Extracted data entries

*** Begin section ***

(* Let $$R=\begin{pmatrix} 1 & -2 \\ 1 & 1 \end{pmatrix}.$$ There exists a driving function $f:[0,\infty)\to\mathbb{R}^2$ for which the Skorokhod problem with matrix $R$ has two distinct solutions $(g,m)$ and $(\overline g,\overline m)$ with $g\neq \overline g$; that is, both satisfy $g(t)=f(t)+Rm(t)$ and $\overline g(t)=f(t)+R\overline m(t)$ for all $t\ge 0$ together with the other conditions of the Skorokhod problem.
   Context: For $b=(b_1,b_2)\in\mathbb{R}^2$ write $b\ge 0$ if $b_1\ge 0$ and $b_2\ge 0$, and let $D=\{b\in\mathbb{R}^2: b\ge 0\}$. A driving function is a continuous function $f:[0,\infty)\to\mathbb{R}^2$ with $f(0)\ge 0$. Given a real $2\times 2$ matrix $R$ and a driving function $f$, a solution of the Skorokhod problem is a pair $(g,m)$ where (1) $g:[0,\infty)\to D$ is continuous; (2) $m=(m_1,m_2):[0,\infty)\to\mathbb{R}^2$ is continuous with $m(0)=0$ and each $m_j$ non-decreasing; (3) $g(t)=f(t)+Rm(t)$ for all $t\ge 0$ (the Skorokhod equation); and (4) for $j=1,2$, $m_j$ increases only when $g_j=0$, i.e. $\int_0^\infty g_j(t)\,dm_j(t)=0$. *)

From Stdlib Require Import Reals.
Open Scope R_scope.

(* Vectors of R^2 are represented by their two coordinate functions.
   Functions are defined on all of R but only their values on [0,oo) matter. *)

Definition cont_on_nonneg (h : R -> R) : Prop :=
  forall t, 0 <= t -> limit1_in h (fun x => 0 <= x) (h t) t.

Definition driving (f1 f2 : R -> R) : Prop :=
  cont_on_nonneg f1 /\ cont_on_nonneg f2 /\ 0 <= f1 0 /\ 0 <= f2 0.

Definition nondecr_on_nonneg (h : R -> R) : Prop :=
  forall s t, 0 <= s -> s <= t -> h s <= h t.

(* "m increases only when g = 0": m is constant on every interval [s,t]
   of [0,oo) on which g stays strictly positive (equivalently, for g >= 0
   continuous and m continuous non-decreasing, int_0^oo g dm = 0). *)
Definition increases_only_at_zero (g m : R -> R) : Prop :=
  forall s t, 0 <= s -> s <= t ->
    (forall u, s <= u <= t -> 0 < g u) -> m s = m t.

Definition skorokhod_solution (r11 r12 r21 r22 : R) (f1 f2 g1 g2 m1 m2 : R -> R) : Prop :=
  cont_on_nonneg g1 /\ cont_on_nonneg g2 /\
  (forall t, 0 <= t -> 0 <= g1 t /\ 0 <= g2 t) /\
  cont_on_nonneg m1 /\ cont_on_nonneg m2 /\
  m1 0 = 0 /\ m2 0 = 0 /\
  nondecr_on_nonneg m1 /\ nondecr_on_nonneg m2 /\
  (forall t, 0 <= t ->
     g1 t = f1 t + (r11 * m1 t + r12 * m2 t) /\
     g2 t = f2 t + (r21 * m1 t + r22 * m2 t)) /\
  increases_only_at_zero g1 m1 /\ increases_only_at_zero g2 m2.

From Stdlib Require Import Reals Lra Lia ZArith.
Open Scope R_scope.

(* The driving function is self-similar, f (2 t) = 2 f t, and is determined by a
   piecewise-linear profile on [1, 2].  Over this profile there are two different
   piecewise-linear solutions (g, m) of the Skorokhod problem on [1, 2] with
   m 2 = 2 m 1.  Extending every profile h by h t = 2^k h (t / 2^k) on [2^k, 2^(k+1)]
   preserves continuity, monotonicity, the Skorokhod equation and complementarity,
   and all extended functions are O(t) at 0, so they are continuous at t = 0 with
   value 0.  The two solutions differ at every scale, hence arbitrarily close to
   t = 0, where the infinitely many scales accumulate. *)

Lemma powerRZ2_pos k : 0 < powerRZ 2 k.
Proof. apply powerRZ_lt; lra. Qed.

Lemma powerRZ2_succ k : powerRZ 2 (k + 1) = 2 * powerRZ 2 k.
Proof. rewrite powerRZ_add by lra; simpl; ring. Qed.

Lemma powerRZ2_lt a b : (a < b)%Z -> powerRZ 2 a < powerRZ 2 b.
Proof.
  intros Hab; rewrite !powerRZ_Rpower by lra.
  apply Rpower_lt; [lra | now apply IZR_lt].
Qed.

Lemma powerRZ2_le a b : (a <= b)%Z -> powerRZ 2 a <= powerRZ 2 b.
Proof.
  intros Hab; rewrite !powerRZ_Rpower by lra.
  apply Rle_Rpower; [lra | now apply IZR_le].
Qed.

Definition dyadic_index (t : R) : Z := (up (ln t / ln 2) - 1)%Z.

Lemma dyadic_index_spec t : 0 < t ->
  powerRZ 2 (dyadic_index t) <= t < powerRZ 2 (dyadic_index t + 1).
Proof.
  intros Ht; unfold dyadic_index.
  set (y := ln t / ln 2).
  assert (Hy : Rpower 2 y = t).
  { unfold Rpower, y; replace (ln t / ln 2 * ln 2) with (ln t).
    - now apply exp_ln.
    - field; pose proof ln_lt_2; lra. }
  destruct (archimed y) as [Hup1 Hup2].
  rewrite !powerRZ_Rpower, Z.sub_add, minus_IZR by lra.
  rewrite <- Hy; split.
  - apply Rle_Rpower; lra.
  - apply Rpower_lt; lra.
Qed.

Definition block (k : Z) (t : R) : Prop := powerRZ 2 k <= t <= powerRZ 2 (k + 1).

Definition rescale (k : Z) (F : R -> R) (t : R) : R := powerRZ 2 k * F (t / powerRZ 2 k).

Definition dyadic_ext (F : R -> R) (t : R) : R :=
  if Rle_dec t 0 then 0 else rescale (dyadic_index t) F t.

Lemma block_pos k t : block k t -> 0 < t.
Proof. intros [H _]; pose proof (powerRZ2_pos k); lra. Qed.

Lemma block_div k t : block k t -> 1 <= t / powerRZ 2 k <= 2.
Proof.
  unfold block; rewrite powerRZ2_succ; pose proof (powerRZ2_pos k) as Hk.
  intros Ht; split; [apply Rmult_le_reg_r with (powerRZ 2 k) .. ];
    unfold Rdiv; rewrite ?Rmult_assoc, ?Rinv_l; lra.
Qed.

Lemma block_dyadic_index t : 0 < t -> block (dyadic_index t) t.
Proof. intros Ht; pose proof (dyadic_index_spec t Ht); unfold block; lra. Qed.

Lemma dyadic_ext_pos F t : 0 < t -> dyadic_ext F t = rescale (dyadic_index t) F t.
Proof. intros Ht; unfold dyadic_ext; destruct (Rle_dec t 0); [lra | easy]. Qed.

Lemma dyadic_ext_nonpos F t : t <= 0 -> dyadic_ext F t = 0.
Proof. intros Ht; unfold dyadic_ext; destruct (Rle_dec t 0); [easy | lra]. Qed.

Lemma dyadic_ext_block F k t : F 2 = 2 * F 1 -> block k t -> dyadic_ext F t = rescale k F t.
Proof.
  intros HF Hk; pose proof (block_pos k t Hk) as Ht.
  rewrite dyadic_ext_pos by easy.
  pose proof (dyadic_index_spec t Ht) as Hn; set (n := dyadic_index t) in *.
  destruct Hk as [Hk1 Hk2].
  destruct (Z.lt_trichotomy n k) as [Hlt | [-> | Hgt]]; [| easy |].
  - pose proof (powerRZ2_le (n + 1) k ltac:(lia)); lra.
  - destruct (Z.eq_dec n (k + 1)) as [-> | Hne].
    + assert (Et : t = powerRZ 2 (k + 1)) by lra.
      unfold rescale; rewrite Et, powerRZ2_succ; pose proof (powerRZ2_pos k).
      replace (2 * powerRZ 2 k / (2 * powerRZ 2 k)) with 1 by (field; lra).
      replace (2 * powerRZ 2 k / powerRZ 2 k) with 2 by (field; lra).
      rewrite HF; ring.
    + pose proof (powerRZ2_lt (k + 1) n ltac:(lia)); lra.
Qed.

Lemma dyadic_ext_extends F x : F 2 = 2 * F 1 -> 1 <= x <= 2 -> dyadic_ext F x = F x.
Proof.
  intros HF Hx; rewrite (dyadic_ext_block F 0 x HF); unfold block, rescale; simpl.
  - rewrite Rdiv_1_r; ring.
  - lra.
Qed.

Lemma continuity_pt_limit1_in g S t : continuity_pt g t -> limit1_in g S (g t) t.
Proof.
  intros Hg eps Heps; destruct (Hg eps Heps) as [alp [Halp Hclose]].
  exists alp; split; [easy |]; intros v [_ Hv].
  destruct (Req_dec t v) as [<- | Hne].
  - simpl; unfold Rdist; rewrite Rminus_diag, Rabs_R0; lra.
  - now apply Hclose.
Qed.

Lemma limit1_in_glue f S1 S2 D l t d : 0 < d ->
  (forall v, Rabs (v - t) < d -> S1 v \/ S2 v) ->
  limit1_in f S1 l t -> limit1_in f S2 l t -> limit1_in f D l t.
Proof.
  intros Hd Hcover H1 H2 eps Heps.
  destruct (H1 eps Heps) as [a1 [Ha1 Hc1]], (H2 eps Heps) as [a2 [Ha2 Hc2]].
  exists (Rmin d (Rmin a1 a2)); split; [now repeat apply Rmin_glb_lt |].
  intros v [_ Hv]; simpl in *; unfold Rdist in *.
  pose proof (Rmin_l d (Rmin a1 a2)); pose proof (Rmin_r d (Rmin a1 a2)).
  pose proof (Rmin_l a1 a2); pose proof (Rmin_r a1 a2).
  destruct (Hcover v ltac:(lra)); [apply Hc1 | apply Hc2]; split; easy || lra.
Qed.

Definition piecewise (b : R) (h1 h2 : R -> R) (x : R) : R :=
  if Rle_dec x b then h1 x else h2 x.

Lemma piecewise_continuous b h1 h2 :
  (forall x, continuity_pt h1 x) -> (forall x, continuity_pt h2 x) -> h1 b = h2 b ->
  forall x, continuity_pt (piecewise b h1 h2) x.
Proof.
  intros C1 C2 Hb x; unfold piecewise.
  destruct (Rtotal_order x b) as [Hx | [-> | Hx]].
  - apply continuity_pt_locally_ext with h1 (b - x); [lra | | easy].
    intros y Hy; unfold Rdist in Hy; apply Rabs_def2 in Hy.
    destruct (Rle_dec y b); [easy | lra].
  - unfold continuity_pt, continue_in.
    apply limit1_in_glue with (fun y => y <= b) (fun y => b <= y) 1; [lra | intros; lra | |].
    + destruct (Rle_dec b b); [| lra].
      apply limit1_ext with h1; [| now apply continuity_pt_limit1_in].
      intros y Hy; now destruct (Rle_dec y b).
    + destruct (Rle_dec b b); [| lra]; rewrite Hb.
      apply limit1_ext with h2; [| now apply continuity_pt_limit1_in].
      intros y Hy; destruct (Rle_dec y b); [| easy].
      now replace y with b by lra.
  - apply continuity_pt_locally_ext with h2 (x - b); [lra | | easy].
    intros y Hy; unfold Rdist in Hy; apply Rabs_def2 in Hy.
    destruct (Rle_dec y b); [lra | easy].
Qed.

*** End section ***

* Aim of the exercise:
Produce only the lines from the line containing "destruct (archimed y) as [Hup1 Hup2]." through the line containing "Lemma block_dyadic_index t", inclusive of both, exactly as they stand in the entries above.

* Response to this exercise:
  destruct (archimed y) as [Hup1 Hup2].
  rewrite !powerRZ_Rpower, Z.sub_add, minus_IZR by lra.
  rewrite <- Hy; split.
  - apply Rle_Rpower; lra.
  - apply Rpower_lt; lra.
Qed.

Definition block (k : Z) (t : R) : Prop := powerRZ 2 k <= t <= powerRZ 2 (k + 1).

Definition rescale (k : Z) (F : R -> R) (t : R) : R := powerRZ 2 k * F (t / powerRZ 2 k).

Definition dyadic_ext (F : R -> R) (t : R) : R :=
  if Rle_dec t 0 then 0 else rescale (dyadic_index t) F t.

Lemma block_pos k t : block k t -> 0 < t.
Proof. intros [H _]; pose proof (powerRZ2_pos k); lra. Qed.

Lemma block_div k t : block k t -> 1 <= t / powerRZ 2 k <= 2.
Proof.
  unfold block; rewrite powerRZ2_succ; pose proof (powerRZ2_pos k) as Hk.
  intros Ht; split; [apply Rmult_le_reg_r with (powerRZ 2 k) .. ];
    unfold Rdiv; rewrite ?Rmult_assoc, ?Rinv_l; lra.
Qed.

Lemma block_dyadic_index t : 0 < t -> block (dyadic_index t) t.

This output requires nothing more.